Last... I used indoor outdoor carpet, with proper indor outdoor carpet cement to cover 1 (ONE)side of the wood.
Cement the carpet first..then attach pipe insulation..over carpet around the entire perimeter of the wood..as note above.
Fit and trim as needed...
you should end up with a nice looking floor, very stable,
Installation instruction...partially inflat chamber 1 and 2...about 1/3 full, ****NOTE MARINER 3 ONLY HAS 3 CHAMBERS***
install each piece of the wood floor, making sure the floor valve of the boat is centered in the hole that was cut in the wood for it(once again..BE VERY ACCURATE WHEN CUTTING THE HOLE IN THE WOOD FOR THE FLOOR VALVE)....

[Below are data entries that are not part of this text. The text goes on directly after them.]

Lemma rfactor_kcoef N :
  \matrix_(k, j < N) rfactor k j = \matrix_(k, l < N) kcoef k l *m (path_mx N)^T.
Proof.
apply/matrixP => k j; rewrite !mxE.
transitivity (\sum_(l < N) kcoef k l * mpath j 0 l).
  by case: k => [[|k] ltk]; rewrite ?sum_rho_cut_mpath ?sum_mpath2_mpath.
by apply: eq_bigr => l _; rewrite !mxE.
Qed.

Lemma kcoef_kred N :
  \matrix_(k, l < N) kcoef k l = \matrix_(i, b < N) ymx i b *m \matrix_(b, l < N) kred b l.
Proof.
apply/matrixP => i l; rewrite !mxE; case: N i l => [[]//|N] [i lti] l /=.
rewrite big_ord_recl !mxE /=; case: i lti => [|a] lta.
  by rewrite mul1r big1 ?addr0 // => k _; rewrite !mxE mul0r.
rewrite mul0r add0r -kred_combination.
have ymxS c : ymx a.+1 c.+1 = (c == a)%:R + (c.+2 == a)%:R + (c.+4 == a)%:R by [].
under eq_bigr => c _ do rewrite !mxE lift0 ymxS !mulrDl.
rewrite ltnS in lta; rewrite !big_split /= !(sum_delta_mul _ _ (fun c => kred c.+1 l)) lta.
congr (_ + _ + _); clear ymxS.
- case: a lta => [|[|a]] lta; try by rewrite big1 // => c _; rewrite mul0r.
  by rewrite (sum_delta_mul _ _ (fun c => kred c.+1 l)) ifT //; lia.
- case: a lta => [|[|[|[|a]]]] lta; try by rewrite big1 // => c _; rewrite mul0r.
  by rewrite (sum_delta_mul _ _ (fun c => kred c.+1 l)) ifT //; lia.
Qed.

Lemma det_unitrig (R : comRingType) n (A : 'M[R]_n) :
  is_trig_mx A -> (forall i, A i i = 1) -> \det A = 1.
Proof. by move=> /det_trig -> A1; rewrite big1. Qed.

Lemma det_lfactor N : \det (\matrix_(i, k < N) lfactor i k) = 1.
Proof.
apply: det_unitrig => [|[[|i] lti]]; rewrite ?mxE //=; last exact: (mpath_top i 0).
apply/is_trig_mxP => -[[|i] lti] [[|k] ltk]; rewrite mxE //= => ltik.
by rewrite mpath_far.
Qed.

Lemma det_path_mx N : \det (path_mx N) = 1.
Proof.
apply: det_unitrig => [|i]; rewrite ?mxE; last exact: (mpath_top i 0).
by apply/is_trig_mxP => i j ltij; rewrite mxE mpath_far.
Qed.

Lemma det_ymx N : \det (\matrix_(i, b < N) ymx i b) = 1.
Proof.
apply: det_unitrig => [|[[|a] lta]]; rewrite ?mxE //=; last first.
  by rewrite eqxx (_ : a.+2 == a = false) 1?(_ : a.+4 == a = false) ?addr0 //; lia.
apply/is_trig_mxP => -[[|a] lta] [[|c] ltc]; rewrite mxE //= => ltac.
rewrite (_ : c == a = false) 1?(_ : c.+2 == a = false) 1?(_ : c.+4 == a = false) //; lia.
Qed.

Lemma det_hankel_kred N :
  hankel_det motzkinZ 3 (-3) N = \det (\matrix_(i, l < N) kred i l).
Proof.
rewrite /hankel_det; have -> : \matrix_(i, j < N) Defs.coefK motzkinZ 3 ((i + j)%:Z + -3) =
    \matrix_(i, j < N) hankel_entry (i + j).
  by apply/matrixP => i j; rewrite !mxE coefK_motzkin3.
rewrite hankel_lfactor rfactor_kcoef kcoef_kred !det_mulmx det_tr.
by rewrite det_lfactor det_path_mx det_ymx mul1r mul1r mulr1.
Qed.

Lemma det_block_schur (R : comRingType) m n (A : 'M[R]_m) (B : 'M_(m, n)) (C : 'M_(n, m)) :
  \det (block_mx A B C 1%:M) = \det (A - B *m C).
Proof.
have -> : block_mx A B C 1%:M = block_mx 1%:M B 0 1%:M *m block_mx (A - B *m C) 0 C 1%:M.
  by rewrite mulmx_block !mul1mx !mul0mx !mulmx1 !add0r subrK.
by rewrite det_mulmx det_ublock det_lblock !det1 !mul1r mulr1.
Qed.

Lemma det_arrow (R : comRingType) m (A : 'M[R]_(1 + m)) : drsubmx A = 1%:M ->
  \det A = A 0 0 - \sum_(k < m) A 0 (rshift 1 k) * A (rshift 1 k) 0.
Proof.
move=> A1; rewrite -[in LHS](submxK A) A1 det_block_schur det_mx11 !mxE.
under eq_bigr => k _ do rewrite !mxE.
by rewrite (_ : lshift m 0 = 0) //; apply: val_inj.
Qed.

Definition alt_sum m : int := \sum_(x < m | odd x != odd m) rho x.+2 * sigma x.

anyway..then fill chamber one and then two, and the fill floor chamber...it may seem more difficult because of the wood on it..but you will see how it works when you do this, In fact..the floor can be left less than fully inflated because of the support of the wood,...But yes ..you can fill the floor also to full. You will see what I mean.The floor section may seem like it is not filling as well, this is the weight of the wood. if you get the floor about 1/2 full, then launch...I use the hand pump to top the side chambers and fill the floor while in the water,,,works easier for me.
** there are many videos on Y T that show this procedure for different inflatable boats....watching one will make the whole thing make sense...
***********NOTE TO FLOOR BUILDERS******** 6/4/14.....See note on june 3.........regarding using OSB
DO NOT USE OSB......IT Loves water too much....Go with 1/2 or 15/32 plywood. All other instructions are good to go.